How to remove watermark from pdf using pdftk?

Question

I need to remove some stupid email watermark that expands across all pages of a public domain book. I looked at pdftk man page and some examples but still can not figure out how to remove the watermarks. I appreciate your hints.

score 77 · Answer 1 · edited Feb 07 '14 at 20:24

Just a little add-on to Dingo's answer as it did not work for me:

I had to first uncompress the PDF document in order to be able to find the watermark and replace it with sed. The first step involves uncompressing the PDF document using pdftk:

pdftk original.pdf output uncompressed.pdf uncompress

now, the uncompressed.pdf can be used as in Dingo's answer:

sed -e "s/watermarktextstring/ /" uncompressed.pdf > unwatermarked.pdf

I then repaired and recompressed the document:

pdftk unwatermarked.pdf output fixed.pdf compress

score 47 · Accepted Answer · answered Jul 12 '12 at 13:56

very simply task to perform:

use sed:

 sed -e "s/watermarktextstring/ /g" <input.pdf >unwatermarked.pdf

but, after, be sure to repair resulting output pdf

pdftk unwatermarked.pdf output fixed.pdf && mv fixed.pdf unwatermarked.pdf

all into one command:

 sed -e "s/watermarktextstring/ /g" <input.pdf >unwatermarked.pdf && pdftk unwatermarked.pdf output fixed.pdf && mv fixed.pdf unwatermarked.pdf

text watermarks are nothing else than a text between two tags inside the pdf compressed code

score 5 · Answer 3 · answered Dec 29 '22 at 15:19

Another add-on to Philippe's add-on to Dingo's answer...
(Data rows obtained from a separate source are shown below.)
(* Let $p_1,p_2\ge 5$ be distinct primes, $\mathbb{K}_1=\mathbb{Q}(\zeta_{p_1}+\zeta_{p_1}^{-1})$, $\mathbb{K}_2=\mathbb{Q}(\zeta_{p_2}+\zeta_{p_2}^{-1})$, $e_i=\zeta_{p_1}^i+\zeta_{p_1}^{-i}$, $b_j=\zeta_{p_2}^j+\zeta_{p_2}^{-j}$, $n_1=\frac{p_1-1}{2}$, $n_2=\frac{p_2-1}{2}$, $n=n_1n_2$. Let $\mathbb{K}=\mathbb{K}_1\mathbb{K}_2$ and let $\mathcal{I}\subseteq\mathcal{O}_{\mathbb{K}}$ be the $\mathbb{Z}$-module with $\mathbb{Z}$-basis $$\gamma_1=\{e_1b_1,\dots,e_1b_{n_2},\;e_2b_1,\dots,e_2b_{n_2},\;\dots,\;e_{n_1}b_1,\dots,e_{n_1}b_{n_2-1},\,2e_{n_1}b_{n_2}\},$$ i.e. all products $e_ib_j$ ($1\le i\le n_1$, $1\le j\le n_2$) except that $e_{n_1}b_{n_2}$ is replaced by $2e_{n_1}b_{n_2}$. Let $\alpha=(2-e_1)(2-b_1)$. Then $\frac{1}{\sqrt{p_1p_2}}\sigma_\alpha(\mathcal{I})\subseteq\mathbb{R}^n$ is a rotated $D_n$-lattice.
   Context: $\zeta_m=e^{2\pi i/m}$. $\mathbb{K}$ is totally real Galois with Galois group $\{\sigma_1,\dots,\sigma_n\}$; $\sigma_\alpha(x)=(\sqrt{\sigma_1(\alpha)}\sigma_1(x),\dots,\sqrt{\sigma_n(\alpha)}\sigma_n(x))$. $D_n=\{(x_1,\dots,x_n)\in\mathbb{Z}^n:\sum x_i\text{ even}\}$; a rotated $D_n$-lattice is $R(D_n)$ for an orthogonal linear map $R$ of $\mathbb{R}^n$. *)

From HB Require Import structures.
From mathcomp Require Import all_boot all_order all_algebra.
From mathcomp Require Import reals trigo.
Set Implicit Arguments. Unset Strict Implicit. Unset Printing Implicit Defensive.
Import Order.TTheory GRing.Theory Num.Theory.
Local Open Scope ring_scope.

(* Image of  zeta_p^k + zeta_p^{-k}  under the real embedding zeta_p |-> zeta_p^a,
   i.e. 2 cos(2 pi a k / p). *)
Definition cosemb {R : realType} (p a k : nat) : R :=
  2 * cos (2 * pi * (a * k)%:R / p%:R).

(* For n = n1 * n2, index m : 'I_n corresponds to the pair
   (m %/ n2 + 1, m %% n2 + 1) in {1..n1} x {1..n2}. *)
Definition idx1 (n2 m : nat) : nat := (m %/ n2).+1.
Definition idx2 (n2 m : nat) : nat := (m %% n2).+1.

(* The coordinates: embeddings sigma_l (l : 'I_n) of K = K1 K2,
   sigma_l(e_i) = 2cos(2 pi a_l i/p1), sigma_l(b_j) = 2cos(2 pi b_l j/p2),
   with (a_l, b_l) = (idx1 n2 l, idx2 n2 l). *)

Definition sig_alpha {R : realType} (p1 p2 n2 l : nat) : R :=
  (2 - cosemb p1 (idx1 n2 l) 1) * (2 - cosemb p2 (idx2 n2 l) 1).

Definition sig_gamma {R : realType} (p1 p2 n n2 l k : nat) : R :=
  (if k == n.-1 then 2 else 1) *
  cosemb p1 (idx1 n2 l) (idx1 n2 k) * cosemb p2 (idx2 n2 l) (idx2 n2 k).

Definition lat_vec {R : realType} (p1 p2 n n2 : nat) (k : 'I_n) : 'rV[R]_n :=
  \row_(l < n) (Num.sqrt (sig_alpha p1 p2 n2 l) * sig_gamma p1 p2 n n2 l k
                / Num.sqrt (p1 * p2)%:R).

Definition in_lattice {R : realType} (p1 p2 n n2 : nat) (x : 'rV[R]_n) : Prop :=
  exists z : 'I_n -> int, x = \sum_(k < n) (z k)%:~R *: lat_vec p1 p2 n2 k.

Definition in_Dn {R : realType} (n : nat) (x : 'rV[R]_n) : Prop :=
  exists z : 'I_n -> int, (2 %| \sum_(k < n) z k)%Z /\ x = \row_(k < n) (z k)%:~R.

Definition rotated_Dn {R : realType} (n : nat) (L : 'rV[R]_n -> Prop) : Prop :=
  exists Q : 'M[R]_n, Q *m Q^T = 1%:M /\
    forall x : 'rV[R]_n, L x <-> exists y, in_Dn y /\ x = y *m Q.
The watermark I needed to remove was a stream object (which is a multi-line block of code), not a single line, so a single line sed command wasn't going to work for me.

I needed to use a text editor to find and remove it.

I first used Philippe's solution to uncompress the PDF.

Then opening the uncompressed.pdf in my favourite text editor, I found a block of text more than 50 lines long which I could see was obviously the code for the watermark.

The watermark was included in the document as a PDF stream object. ** (see below)

The lines defining the stream object that I need to remove started with a line containing only:

<num> 0 obj

where <num> was a number at the start of the line identifying the specific object.

I needed to delete this line and everything from it down to and including the first instance of

endstream
endobj

that followed that obj line. i.e. the whole stream object definition.

The endobj line was followed by the next <num> 0 obj 2 more lines down.

It was easy for me to see which stream object was the watermark code because it kindly included the word "Watermark" :-)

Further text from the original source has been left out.